I like the twist of giving the usual stepmother a male guise. The story mingles several classic fairytale tropes, including some that go very far back indeed, but I have to say that the conclusion, which follows one well-known story almost word for word, is rather a disappointment after the creativity of the earlier elements. What I like best here, though, is the well-imagined cosmology behind this world, and the views of Zeuxis on the artist’s life:
“We’re conduits. When we stop the outflow, no more can flow in, and we stagnate. We die daily to live. It’s the flow that matters, not the possession of what’s not really ours anyway.”

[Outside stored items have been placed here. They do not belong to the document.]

(* For every integer $s \geq 1$, $$\mathsf {Brac}_{2,s}=\mathsf {Brac}_{2}= \left\{ \big( (p, 1-p), (1-p,p) \big) \, : \, p\in[0,1]\right\}.$$
   Context: $\Delta_d=\{\alpha\in\mathbb R^d:\alpha_i\ge0,\ \sum_i\alpha_i=1\}$. $\mathsf{Brac}_d=\{(\alpha,\beta)\in\Delta_d^2:\ \forall i,\ \sqrt{\alpha_i\beta_i}\le\sum_{j\ne i}\sqrt{\alpha_j\beta_j}\}$. For $s\ge1$, $\mathsf{Brac}_{d,s}$ is the set of $(\alpha,\beta)\in\Delta_d^2$ for which there exist $A_1,\dots,A_d,B_1,\dots,B_d\in M_s(\mathbb C)$ with $\sum_i A_iA_i^*=\sum_iB_iB_i^*=I_s$, $\sum_iA_iB_i^*=0$, and $\tfrac1s\|A_i\|_F^2=\alpha_i$, $\tfrac1s\|B_i\|_F^2=\beta_i$ for all $i$, where $\|X\|_F=\operatorname{Tr}(XX^* )^{1/2}$. *)

From HB Require Import structures.
From mathcomp Require Import all_boot all_order all_algebra.
From mathcomp Require Import complex.
Set Implicit Arguments. Unset Strict Implicit. Unset Printing Implicit Defensive.
Import Order.TTheory GRing.Theory Num.Theory.
Local Open Scope ring_scope.
Local Open Scope complex_scope.

Definition in_simplex (R : rcfType) (d : nat) (a : {ffun 'I_d -> R}) : Prop :=
  (forall i, 0 <= a i) /\ \sum_(i < d) a i = 1.

Definition Brac (R : rcfType) (d : nat) (a b : {ffun 'I_d -> R}) : Prop :=
  [/\ in_simplex a, in_simplex b &
      forall i : 'I_d, Num.sqrt (a i * b i) <= \sum_(j < d | j != i) Num.sqrt (a j * b j)].

Definition adjmx (R : rcfType) (m n : nat) (X : 'M[R[i]]_(m, n)) : 'M[R[i]]_(n, m) :=
  (map_mx (@conjc R) X)^T.

(* squared Frobenius norm ||X||_F^2 = Tr(X X^* ) (a complex number, real nonnegative) *)
Definition frob2 (R : rcfType) (s : nat) (X : 'M[R[i]]_s) : R[i] := \tr (X *m adjmx X).

Definition Brac_s (R : rcfType) (d s : nat) (a b : {ffun 'I_d -> R}) : Prop :=
  [/\ in_simplex a, in_simplex b &
      exists (A B : 'I_d -> 'M[R[i]]_s),
        [/\ \sum_(i < d) A i *m adjmx (A i) = 1%:M,
            \sum_(i < d) B i *m adjmx (B i) = 1%:M,
            \sum_(i < d) A i *m adjmx (B i) = 0,
            forall i, frob2 (A i) / s%:R = (a i)%:C &
            forall i, frob2 (B i) / s%:R = (b i)%:C]].

Definition pt2 (R : rcfType) (p q : R) : {ffun 'I_2 -> R} :=
  [ffun i : 'I_2 => if i == ord0 then p else q].

From HB Require Import structures.
From mathcomp Require Import all_boot all_order all_algebra.
From mathcomp Require Import complex.
From mathcomp Require Import lra.
Set Implicit Arguments.
Unset Strict Implicit.
Unset Printing Implicit Defensive.

Import Order.TTheory GRing.Theory Num.Theory.
Local Open Scope ring_scope.

(* For d = 2 the bracket inequalities say sqrt(a0 b0) = sqrt(a1 b1), which on
   the simplex forces a0 + b0 = 1.  For the matrix version, the rows (A0 A1)
   and (B0 B1) of the 2s x 2s block matrix W are orthonormal, so W W^* = 1,
   hence W^* W = 1; its upper-left block gives A0^* A0 + B0^* B0 = 1, and
   taking traces gives s (a0 + b0) = s.  Conversely the scalar matrices
   A = (sqrt p, sqrt (1-p)), B = (sqrt (1-p), -sqrt p) realise every point. *)

Local Notation i1 := (lift ord0 ord0 : 'I_2).

Section Simplex2.
Variable R : rcfType.

Lemma ord2_cases (i : 'I_2) : i = ord0 \/ i = i1.
Proof. by case: i => [[|[|//]] ?]; [left | right]; apply: val_inj. Qed.

Lemma sum_ord2 (F : 'I_2 -> R) : \sum_(i < 2) F i = F ord0 + F i1.
Proof. by rewrite big_ord_recl big_ord1. Qed.

Lemma ffun2E (f : {ffun 'I_2 -> R}) : f = pt2 (f ord0) (f i1).
Proof. by apply/ffunP => i; rewrite ffunE; case: (ord2_cases i) => ->. Qed.

Lemma in_simplex_pt2 (x y : R) :
  0 <= x -> 0 <= y -> x + y = 1 -> in_simplex (pt2 x y).
Proof.
move=> x_ge0 y_ge0 xy1; split; last by rewrite sum_ord2 !ffunE.
by move=> i; rewrite ffunE; case: ifP.
Qed.

Lemma simplex2_complement (a b : {ffun 'I_2 -> R}) :
  in_simplex a -> in_simplex b -> a ord0 + b ord0 = 1 ->
  exists p : R, 0 <= p <= 1 /\ a = pt2 p (1 - p) /\ b = pt2 (1 - p) p.
Proof.
case=> a_ge0 a1 [b_ge0 b1] ab1.
move: (a_ge0 ord0) (a_ge0 i1) (b_ge0 ord0) (b_ge0 i1) a1 b1.
rewrite !sum_ord2 => *; exists (a ord0); split; first by apply/andP; split; lra.
by split; rewrite [LHS]ffun2E; congr pt2; lra.
Qed.

Lemma Brac2E (a b : {ffun 'I_2 -> R}) :
  Brac a b <->
  exists p : R, 0 <= p <= 1 /\ a = pt2 p (1 - p) /\ b = pt2 (1 - p) p.
Proof.
split.
- case=> a_simplex b_simplex bracket; apply: simplex2_complement => //.
  have := bracket i1; rewrite big_mkcond sum_ord2 /= addr0 => le10.
  have := bracket ord0; rewrite big_mkcond sum_ord2 /= add0r => le01.
  have ab_eq : a ord0 * b ord0 = a i1 * b i1.
    case: a_simplex b_simplex => [a_ge0 a1] [b_ge0 b1].
    rewrite -[LHS]sqr_sqrtr ?mulr_ge0 // -[RHS]sqr_sqrtr ?mulr_ge0 //.
    by congr (_ ^+ 2); apply/le_anti; rewrite le10 le01.
  case: a_simplex b_simplex => [_ a1] [_ b1].
  by move: a1 b1; rewrite !sum_ord2 => *; nra.
- case=> p [/andP[p_ge0 p_le1] [-> ->]].
  split; [apply: in_simplex_pt2; lra | apply: in_simplex_pt2; lra |].
  move=> i; rewrite big_mkcond sum_ord2 /=.
  by case: (ord2_cases i) => -> /=; rewrite !ffunE /= ?addr0 ?add0r mulrC.
Qed.

End Simplex2.

Section Adjoint.
Variable R : rcfType.
Local Open Scope complex_scope.

Lemma adjmxD m n (X Y : 'M[R[i]]_(m, n)) : adjmx (X + Y) = adjmx X + adjmx Y.
Proof. by rewrite /adjmx map_mxD linearD. Qed.

Lemma adjmxM m n p (X : 'M[R[i]]_(m, n)) (Y : 'M[R[i]]_(n, p)) :
  adjmx (X *m Y) = adjmx Y *m adjmx X.
Proof. by rewrite /adjmx map_mxM trmx_mul. Qed.

Lemma adjmxK m n (X : 'M[R[i]]_(m, n)) : adjmx (adjmx X) = X.
Proof. by apply/matrixP => i j; rewrite !mxE conjcK. Qed.

Lemma adjmx_real_scalar n (x : R) : adjmx (x%:C%:M : 'M[R[i]]_n) = x%:C%:M.
Proof.
by rewrite /adjmx map_scalar_mx tr_scalar_mx; congr scalar_mx; exact: conjc_real.
Qed.

Lemma adjmx_block m1 m2 n1 n2 (A0 : 'M[R[i]]_(m1, n1)) (A1 : 'M_(m1, n2))
    (B0 : 'M_(m2, n1)) (B1 : 'M_(m2, n2)) :
  adjmx (block_mx A0 A1 B0 B1) =
    block_mx (adjmx A0) (adjmx B0) (adjmx A1) (adjmx B1).
Proof. by rewrite /adjmx map_block_mx tr_block_mx. Qed.

Lemma frob2_real_scalar n (x : R) :
  frob2 (x%:C%:M : 'M[R[i]]_n) = (x * x)%:C * n%:R.
Proof.
by rewrite /frob2 adjmx_real_scalar -scalar_mxM mxtrace_scalar rmorphM mulr_natr.
Qed.

Lemma orthonormal_rows_frob2 s (A0 A1 B0 B1 : 'M[R[i]]_s) :
  A0 *m adjmx A0 + A1 *m adjmx A1 = 1%:M ->
  B0 *m adjmx B0 + B1 *m adjmx B1 = 1%:M ->
  A0 *m adjmx B0 + A1 *m adjmx B1 = 0 ->
  frob2 A0 + frob2 B0 = s%:R.
Proof.
move=> AA BB AB.
have BA : B0 *m adjmx A0 + B1 *m adjmx A1 = 0.
  by rewrite -[B0]adjmxK -[B1]adjmxK -!adjmxM -adjmxD AB /adjmx map_mx0 trmx0.
pose W := block_mx A0 A1 B0 B1.
have WW : W *m adjmx W = 1%:M.
  by rewrite adjmx_block mulmx_block AA BB AB BA -scalar_mx_block.
have ul1 : ulsubmx (1%:M : 'M[R[i]]_(s + s)) = 1%:M.
  by apply/matrixP => i j; rewrite !mxE eq_lshift.
have := congr1 (@ulsubmx _ s s s s) (mulmx1C WW).
rewrite adjmx_block mulmx_block block_mxKul ul1 => /(congr1 mxtrace).
by rewrite mxtraceD mxtrace1 (mxtrace_mulC (adjmx A0)) (mxtrace_mulC (adjmx B0)).
Qed.

End Adjoint.

Section Brac2s.
Variables (R : rcfType) (s : nat).
Hypothesis s_gt0 : (0 < s)%N.
Local Open Scope complex_scope.

Let s_neq0 : (s%:R : R[i]) != 0.
Proof. by rewrite pnatr_eq0 -lt0n. Qed.

Lemma Brac_s2_sum (a b : {ffun 'I_2 -> R}) : Brac_s s a b -> a ord0 + b ord0 = 1.
Proof.
case=> _ _ [A [B [AA BB AB Aa Bb]]].
rewrite !big_ord_recl !big_ord0 !addr0 in AA BB AB.
have := orthonormal_rows_frob2 AA BB AB.
rewrite -(divfK s_neq0 (frob2 (A ord0))) -(divfK s_neq0 (frob2 (B ord0))).
rewrite Aa Bb -mulrDl -rmorphD -[X in _ = X]mul1r => /(mulIf s_neq0).
by rewrite -(rmorph1 (real_complex R)); apply: complexI.
Qed.

Lemma Brac_s2_pt2 (p : R) :
  0 <= p <= 1 -> Brac_s s (pt2 p (1 - p)) (pt2 (1 - p) p).
Proof.
move=> /andP[p_ge0 p_le1].
set x := Num.sqrt p; set y := Num.sqrt (1 - p).
have xx : x * x = p by rewrite -expr2 sqr_sqrtr.
have yy : y * y = 1 - p by rewrite -expr2 sqr_sqrtr // subr_ge0.
split; [apply: in_simplex_pt2; lra | apply: in_simplex_pt2; lra |].
exists (fun i => (if i == ord0 then x else y)%:C%:M),
       (fun i => (if i == ord0 then y else - x)%:C%:M).
rewrite !big_ord_recl !big_ord0 !addr0 /= !adjmx_real_scalar.
rewrite -!scalar_mxM -!rmorphM -!raddfD /=.
split.
- by rewrite xx yy addrC subrK.
- by rewrite mulrNN xx yy subrK.
- by rewrite mulrN mulrC subrr rmorph0; apply: raddf0.
- move=> i; rewrite frob2_real_scalar mulfK //.
  by case: (ord2_cases i) => -> /=; rewrite ffunE /= ?xx ?yy.
- move=> i; rewrite frob2_real_scalar mulfK //.
  by case: (ord2_cases i) => -> /=; rewrite ffunE /= ?mulrNN ?xx ?yy.
Qed.

End Brac2s.

Theorem proposition3p9 (R : rcfType) (s : nat) (hs : (1 <= s)%N) :
  (forall a b : {ffun 'I_2 -> R}, Brac_s s a b <-> Brac a b) /\
  (forall a b : {ffun 'I_2 -> R},
     Brac a b <-> exists p : R, 0 <= p <= 1 /\ a = pt2 p (1 - p) /\ b = pt2 (1 - p) p).
Proof.
split=> a b; last exact: Brac2E.
split=> [bracs | /Brac2E [p [p01 [-> ->]]]]; last exact: Brac_s2_pt2.
apply/Brac2E; case: (bracs) => a_simplex b_simplex _.
exact: simplex2_complement (Brac_s2_sum hs bracs).
Qed.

Check out the review here. Incidentally, the dialogue about art mentioned by Ms. Tilton comes from a conversation I had with my six-year-old son, who was very angry at me last summer for selling some of my paintings. I'm still somewhat anguished about the selling process myself, and the story was written partly as a way of coping with my first public exhibition, partly as a symbolic exploration of abstraction in the visual arts, which I pontificated about in Part II of my post on The Arts of the Beautiful. Paul Klee had a lot to do with this story.